Souffler le chaud et le froid, ce serait plutôt la 4ème.


----------



## Twenty20

Je propose "éviter *les hauts* fonds" dans le sens être prudent, comme les marins qui font attention à ne pas heurter les récifs qui sont proches de la surface de l'eau. Il me semble que cette expression existe.


----------



## Thomas1

Merci, c'est plus clair maintenant !





Lacuzon said:


> Bonsoir,
> 
> Je pense à :
> 
> 1 _Ménager la *chèvre *et le chou_
> 2 _Chat *échaudé *craint l'eau froide_
> 3 _Faire la *pluie *et le beau temps_
> 4 _Connaître des *hauts *et des bas_
> 
> Souffler le chaud et le froid, ce serait plutôt la 4ème.


Est-ce qu'on peut dire : avoir les hauts et les bas ?

Je ne sais pas si on peut changer les mots, mais « chat échaudé craint l'eau froide » me plaît. 

Est-ce que : « être fantasque comme la chèvre » va selon la quatrième définition ?


----------



## Twenty20

Non c'est avoir des hauts et des bas, en mettant "les" ça ne veut plus rien dire.


----------



## Flore!

Bonsoir Tomek 

Je ne connaissais pas l'expression "être fantasque comme la chèvre" ! Elle est dans ton dictionnaire ? Elle n'apparaît pas sur Internet.
Mais vu que _fantasque_ signifie très exactement être d'humeur inégale, et que la chèvre est réputée d'humeur fantasque, cette expression me semble parfaite pour ta définition 4 (si elle existe  )

Mais si tu as le droit de transformer "chaud" en "échaudé" dans ton exercice, je pense que la solution proposée par Lacuzon est la bonne !


----------



## Chimel

Thomas1 said:


> Il y a quatre mots: le chaud, la chèvre, les hauts, la pluie.
> If faut trouver quatre expressions dont on a les définitions :
> 
> 
> flatter deux parties opposées : souffler le chaud et le froid
> être très prudent : ...
> être tout-puissant : faire la pluie et le beau temps
> être d'une humeur inégale : être fantasque comme la chèvre


A mon avis, tu as interverti le 1 et le 4:
"Souffler le chaud et le froid", c'est être d'un caractère instable, donc être d'une humeur inégale
"Ménager la chèvre et le chou" (proposé par Lacuzon) convient pour la définition 1

Ce qui ne nous dit toujours pas quelle expression avec "hauts" correspond à "être très prudent". On cherche...


----------



## Punky Zoé

Toutes ces propositions semblent logiques, les expressions / proverbes sont construites selon le même modèle : verbe + substantif* et *substantif.

Dans ces conditions, je suppose que ce que l'on cherche est : verbe (éviter ?) les hauts et les bas.

Rien de très idiomatique ne me vient à l'esprit.


----------



## Nanon

Twenty20 said:


> Non c'est avoir des hauts et des bas, en mettant "les" ça ne veut plus rien dire.


"Avoir des hauts et des bas", c'est être d'humeur variable.
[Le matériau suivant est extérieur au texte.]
(* Let $F$ and $H$ be two CNF formulae that do not share variables and are both unsatisfiable. Then the tree obtained from an optimal backtracking search tree of $F$ by replacing every empty subtree with an optimal backtracking search tree of $H$ is an optimal backtracking search tree of the product $F \cdot H = \{\gamma \vee \delta \mid \gamma \in F,\ \delta \in H\}$.
   Context: A CNF formula is a finite set of clauses (disjunctions of literals); the empty clause is unsatisfiable. For a partial truth assignment $I$ (a set of literals), $F|I$ is obtained from $F$ by deleting every clause containing a literal true under $I$ and deleting from the remaining clauses every literal false under $I$. $Var(F)$ is the set of variables of $F$. A binary tree is either the empty tree $()$ or a triple $(x~T_1~T_2)$ with root labelled $x$, left subtree $T_1$, right subtree $T_2$; its size is its number of nodes; the ''empty subtrees'' of a tree are all occurrences of $()$ inside it. A backtracking search tree (BST) of $F$ is: the empty tree if $F$ contains the empty clause; otherwise $(x~T_1~T_2)$ with $x \in Var(F)$, $T_1$ a BST of $F|\{\neg x\}$, $T_2$ a BST of $F|\{x\}$. An optimal BST is one of minimum size. *)

From mathcomp Require Import all_boot.
Set Implicit Arguments. Unset Strict Implicit. Unset Printing Implicit Defensive.

(* Variables are natural numbers; a literal is (x, b):
   (x, true) is the positive literal x, (x, false) is ~x. *)
Definition lit := (nat * bool)%type.
Definition neg (l : lit) : lit := (l.1, ~~ l.2).

(* A clause is a finite set of literals, represented by a list (read as the
   set of its elements); a CNF formula is a finite set of clauses,
   represented by a list of clauses (read as the set of its elements). *)
Definition clause := seq lit.
Definition cnf := seq clause.

Definition vars (F : cnf) : seq nat := [seq l.1 | l <- flatten F].

Definition restrict (F : cnf) (I : seq lit) : cnf :=
  [seq [seq l <- C | neg l \notin I] | C <- [seq C <- F | ~~ has (fun l => l \in I) C]].

Definition lit_true (a : nat -> bool) (l : lit) : bool := a l.1 == l.2.
Definition satisfiable (F : cnf) : Prop :=
  exists a : nat -> bool, all (fun C => has (lit_true a) C) F.

Inductive tree := Leaf | Node of nat & tree & tree.

Fixpoint tsize (T : tree) : nat :=
  match T with Leaf => 0 | Node _ T1 T2 => (tsize T1 + tsize T2).+1 end.

Fixpoint is_bst (F : cnf) (T : tree) : bool :=
  match T with
  | Leaf => [::] \in F
  | Node x T1 T2 =>
      [&& [::] \notin F, x \in vars F,
          is_bst (restrict F [:: neg (x, true)]) T1
        & is_bst (restrict F [:: (x, true)]) T2]
  end.

Definition optimal_bst (F : cnf) (T : tree) : Prop :=
  is_bst F T /\ forall T', is_bst F T' -> tsize T <= tsize T'.

Fixpoint graft (T S : tree) : tree :=
  match T with Leaf => S | Node x T1 T2 => Node x (graft T1 S) (graft T2 S) end.

Definition cnf_prod (F H : cnf) : cnf := [seq g ++ d | g <- F, d <- H].

(* Restricting by a literal distributes over the product F . H, and a
   literal whose variable does not occur in a factor leaves that factor
   unchanged.  Hence grafting a search tree of H onto every leaf of a search
   tree of F gives a search tree of F . H, whose size s satisfies
   s + 1 = (|TF| + 1) (|TH| + 1).  Conversely, by induction on a search tree
   T of F . H whose root variable x lies (say) in F: its subtrees yield
   search trees A_i of F|x=b_i and B_i of H with
   (|A_i| + 1) (|B_i| + 1) <= |T_i| + 1; joining the A_i at x and keeping the
   smaller B_i gives search trees A of F and B of H with
   (|A| + 1) (|B| + 1) <= |T| + 1, which is the matching lower bound. *)

(* all_boot comes first so that [tsize] denotes the tree size of Defs and not
   the tuple size. *)
From mathcomp Require Import all_boot zify.
From Pilot Require Import Defs.
Set Implicit Arguments. Unset Strict Implicit.

Lemma mem_vars F x :
  (x \in vars F) = has (fun C : clause => x \in [seq l.1 | l <- C]) F.
Proof. by elim: F => //= C F IH; rewrite /vars /= map_cat mem_cat -IH. Qed.

Lemma vars_cons C F x : (x \in vars (C :: F)) = (x \in [seq l.1 | l <- C]) || (x \in vars F).
Proof. by rewrite !mem_vars. Qed.

Lemma vars_restrict F I : {subset vars (restrict F I) <= vars F}.
Proof.
move=> x; rewrite !mem_vars /restrict has_map => /hasP [C].
rewrite mem_filter => /andP [_ CF] /mapP [l]; rewrite mem_filter => /andP [_ lC] ->.
by apply/hasP; exists C => //; apply: map_f.
Qed.

Lemma restrict_free F l : l.1 \notin vars F -> restrict F [:: l] = F.
Proof.
elim: F => //= C F IH; rewrite vars_cons negb_or => /andP [lC /IH {}IH].
have other l' : l' \in C -> l'.1 != l.1.
  by move=> l'C; apply: contraNneq lC => <-; apply: map_f.
have lnC : ~~ has (fun l' => l' \in [:: l]) C.
  by apply/hasP => [[l' /other]]; rewrite inE => /[swap] /eqP ->; rewrite eqxx.
rewrite /restrict /= lnC; congr (_ :: _); last exact: IH.
apply/all_filterP/allP => l' /other.
by apply: contraNN; rewrite inE => /eqP <-.
Qed.

Lemma mem_nil_restrict F I : [::] \in F -> [::] \in restrict F I.
Proof. by move=> F0; apply/mapP; exists [::]; rewrite // mem_filter F0. Qed.

Lemma restrict_map_catl g H I :
  restrict [seq g ++ d | d <- H] I =
  if has (fun l => l \in I) g then [::]
  else [seq [seq l <- g | neg l \notin I] ++ d | d <- restrict H I].
Proof.
rewrite /restrict; case: ifP => gI; elim: H => //= d H IH; rewrite has_cat gI //=.
by case: ifP => _ //=; rewrite IH filter_cat.
Qed.

Lemma restrict_cat F G I : restrict (F ++ G) I = restrict F I ++ restrict G I.
Proof. by rewrite /restrict filter_cat map_cat. Qed.

Lemma restrict_prod F H I :
  restrict (cnf_prod F H) I = cnf_prod (restrict F I) (restrict H I).
Proof.
elim: F => //= g F IH.
rewrite /cnf_prod allpairs_cons restrict_cat restrict_map_catl -/(cnf_prod _ _) IH.
by rewrite [restrict (g :: F) I]/restrict /=; case: ifP.
Qed.

Lemma mem_nil_prod F H : ([::] \in cnf_prod F H) = ([::] \in F) && ([::] \in H).
Proof.
apply/allpairsP/andP => [[[g d] /= [gF dH]] | [F0 H0]]; last by exists ([::], [::]).
by case: g gF => // gF; case: d dH.
Qed.

Lemma vars_prod F H x :
  x \in vars (cnf_prod F H) -> (x \in vars F) || (x \in vars H).
Proof.
rewrite !mem_vars => /hasP [_ /allpairsP [[g d] /= [gF dH ->]]].
by rewrite map_cat mem_cat => /orP [xg | xd]; apply/orP; [left | right];
  apply/hasP; [exists g | exists d].
Qed.

Lemma vars_prodl F H x : H != [::] -> x \in vars F -> x \in vars (cnf_prod F H).
Proof.
case: H => // d H _; rewrite !mem_vars => /hasP [g gF xg].
apply/hasP; exists (g ++ d); first exact: allpairs_f (mem_head _ _).
by rewrite map_cat mem_cat xg.
Qed.

Lemma vars_prodr F H x : F != [::] -> x \in vars H -> x \in vars (cnf_prod F H).
Proof.
case: F => // g F _; rewrite !mem_vars => /hasP [d dH xd].
apply/hasP; exists (g ++ d); first exact: allpairs_f (mem_head _ _) dH.
by rewrite map_cat mem_cat xd orbT.
Qed.

Definition var_disjoint (F H : cnf) := forall x, x \in vars F -> x \notin vars H.

Lemma var_disjoint_restrict F H I :
  var_disjoint F H -> var_disjoint (restrict F I) (restrict H I).
Proof. by move=> FH x /vars_restrict /FH; apply: contra; apply: vars_restrict. Qed.

Lemma tsize_graft T S : (tsize (graft T S)).+1 = (tsize T).+1 * (tsize S).+1.
Proof. elim: T => [|x T1 IH1 T2 IH2] /=; [by rewrite mul1n | nia]. Qed.

Lemma bst_neq_nil F T : is_bst F T -> F != [::].
Proof. by case: T => [|x T1 T2] /=; [case: F | case/and4P => _; case: F]. Qed.

Lemma bst_prod_nill F H T : [::] \in F -> is_bst H T -> is_bst (cnf_prod F H) T.
Proof.
elim: T F H => [|x T1 IH1 T2 IH2] F H F0 /=; first by rewrite mem_nil_prod F0.
case/and4P=> H0 xH b1 b2; rewrite mem_nil_prod (negbTE H0) andbF vars_prodr //=.
  by rewrite !restrict_prod IH1 ?IH2 // mem_nil_restrict.
by apply: contraTneq F0 => ->.
Qed.

Lemma bst_graft F H TF TH : var_disjoint F H ->
  is_bst F TF -> is_bst H TH -> is_bst (cnf_prod F H) (graft TF TH).
Proof.
elim: TF F => [|x T1 IH1 T2 IH2] F FH /=; first exact: bst_prod_nill.
case/and4P=> F0 xF b1 b2 bH; have xH := FH x xF.
rewrite mem_nil_prod (negbTE F0) vars_prodl ?(bst_neq_nil bH) //=.
have FlH l : l.1 = x -> var_disjoint (restrict F [:: l]) H.
  by move=> lx; rewrite -[H](restrict_free (l := l)) ?lx //; apply: var_disjoint_restrict.
by rewrite !restrict_prod !(@restrict_free H) // IH1 ?IH2 //; apply: FlH.
Qed.

Definition bst_pair_bound (F H : cnf) (n : nat) :=
  exists A B, [/\ is_bst F A, is_bst H B & (tsize A).+1 * (tsize B).+1 <= n.+1].

Lemma bst_pair_bound_sym F H n : bst_pair_bound F H n -> bst_pair_bound H F n.
Proof. by case=> A [B [bA bB AB]]; exists B, A; rewrite mulnC. Qed.

Lemma bst_split_var F x A1 A2 : x \in vars F ->
  is_bst (restrict F [:: neg (x, true)]) A1 -> is_bst (restrict F [:: (x, true)]) A2 ->
  exists2 A, is_bst F A & tsize A <= (tsize A1 + tsize A2).+1.
Proof.
case F0: ([::] \in F) => xF b1 b2; first by exists Leaf.
by exists (Node x A1 A2); rewrite //= F0 xF b1 b2.
Qed.

Lemma leq_mul_minn a a1 a2 b1 b2 t1 t2 : a <= (a1 + a2).+1 ->
  a1.+1 * b1.+1 <= t1.+1 -> a2.+1 * b2.+1 <= t2.+1 ->
  a.+1 * (minn b1 b2).+1 <= (t1 + t2).+2.
Proof.
move=> aa ab1 ab2; have m1 := geq_minl b1 b2; have m2 := geq_minr b1 b2; nia.
Qed.

Lemma bst_pair_bound_node F H x t1 t2 : x \in vars F -> x \notin vars H ->
  bst_pair_bound (restrict F [:: neg (x, true)]) H t1 ->
  bst_pair_bound (restrict F [:: (x, true)]) H t2 ->
  bst_pair_bound F H (t1 + t2).+1.
Proof.
move=> xF xH [A1 [B1 [bA1 bB1 s1]]] [A2 [B2 [bA2 bB2 s2]]].
have [A bA sA] := bst_split_var xF bA1 bA2.
have [B bB sB] : exists2 B, is_bst H B & tsize B = minn (tsize B1) (tsize B2).
  by case: (leqP (tsize B1) (tsize B2)) => le12; [exists B1 | exists B2];
    rewrite // (minn_idPl _) // ltnW.
by exists A, B; split; rewrite // sB; apply: leq_mul_minn sA s1 s2.
Qed.

Lemma bst_prod_lower F H T : var_disjoint F H ->
  is_bst (cnf_prod F H) T -> bst_pair_bound F H (tsize T).
Proof.
elim: T F H => [|x T1 IH1 T2 IH2] F H FH /=.
  by rewrite mem_nil_prod => /andP [F0 H0]; exists Leaf, Leaf.
case/and4P=> _ /vars_prod xFH; rewrite !restrict_prod.
move=> /(IH1 _ _ (var_disjoint_restrict FH)) b1 /(IH2 _ _ (var_disjoint_restrict FH)) b2.
case/orP: xFH => [xF | xH].
  have xH := FH x xF; rewrite !(@restrict_free H) // in b1 b2.
  exact: (bst_pair_bound_node xF xH b1 b2).
have xF : x \notin vars F by apply: contraL xH; apply: FH.
rewrite !(@restrict_free F) // in b1 b2.
apply/bst_pair_bound_sym/(bst_pair_bound_node xH xF); exact: bst_pair_bound_sym.
Qed.

Theorem lemma5 (F H : cnf) (TF TH : tree) :
  (forall x, x \in vars F -> x \notin vars H) ->
  ~ satisfiable F -> ~ satisfiable H ->
  optimal_bst F TF -> optimal_bst H TH ->
  optimal_bst (cnf_prod F H) (graft TF TH).
Proof.
(* Unsatisfiability is implied by the existence of search trees. *)
move=> FH _ _ [bF optF] [bH optH]; split; first exact: bst_graft.
move=> T bT; have [A [B [bA bB AB]]] := bst_prod_lower FH bT.
rewrite -ltnS tsize_graft; apply: leq_trans AB.
by apply: leq_mul; rewrite ltnS; [apply: optF | apply: optH].
Qed.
Cela n'a pas grand-chose à voir avec la prudence... Je ne vois que la proposition de Punky Zoé, mais il ne s'agit pas vraiment d'une expression toute faite.
"Éviter les hauts fonds" (pour les obstacles ou les écueils) au sens figuré serait possible, mais je ne crois pas l'avoir beaucoup rencontré. À mon avis, ce n'est pas ça non plus...


----------



## Chimel

Je persiste à penser que c'est "souffler le chaud et le froid" qui correspond à la définition "être d'une humeur inégale".

"Avoir des hauts et des bas" a un sens plus large (une entreprise, un sportif, un homme politique... peuvent avoir des hauts et des bas), ce n'est que dans certains contextes bien précis que l'expression peut être comprise comme "avoir des sautes d'humeur".

"Eviter les hauts fonds" serait possible pour la prudence, oui, mais ce serait effectivement assez étonnant pour un exercice d'apprentissage du français.

Est-ce que Thomas pourra avoir accès au corrigé et est-ce qu'il pourra nous donner la solution? (c'est frustrant, sinon...)


----------



## quinoa

Est-ce que "haut-le-coeur" ça va aussi?
Sinon "Haut les coeurs!" pour donner ou se donner du courage.


----------



## Lacuzon

Chimel said:


> Est-ce que Thomas pourra avoir accès au corrigé et est-ce qu'il pourra nous donner la solution? (c'est frustrant, sinon...)



Bonjour,

La solution est-elle enfin connue ?


----------



## snarkhunter

Thomas1 said:


> Excusez-moi.
> 
> Il y a quatre mots: le chaud, la chèvre, les hauts, la pluie.
> If faut trouver quatre expressions dont on a les définitions...


 


flatter deux parties opposées : ménager la *chèvre* et le chou
être très prudent : éviter les *hauts* fonds
être tout-puissant : faire la *pluie* et le beau temps
être d'une humeur inégale : souffler *le chaud* et le froid
C'est effectivement ma perception de l'exercice (toutes solutions déjà données précédemment).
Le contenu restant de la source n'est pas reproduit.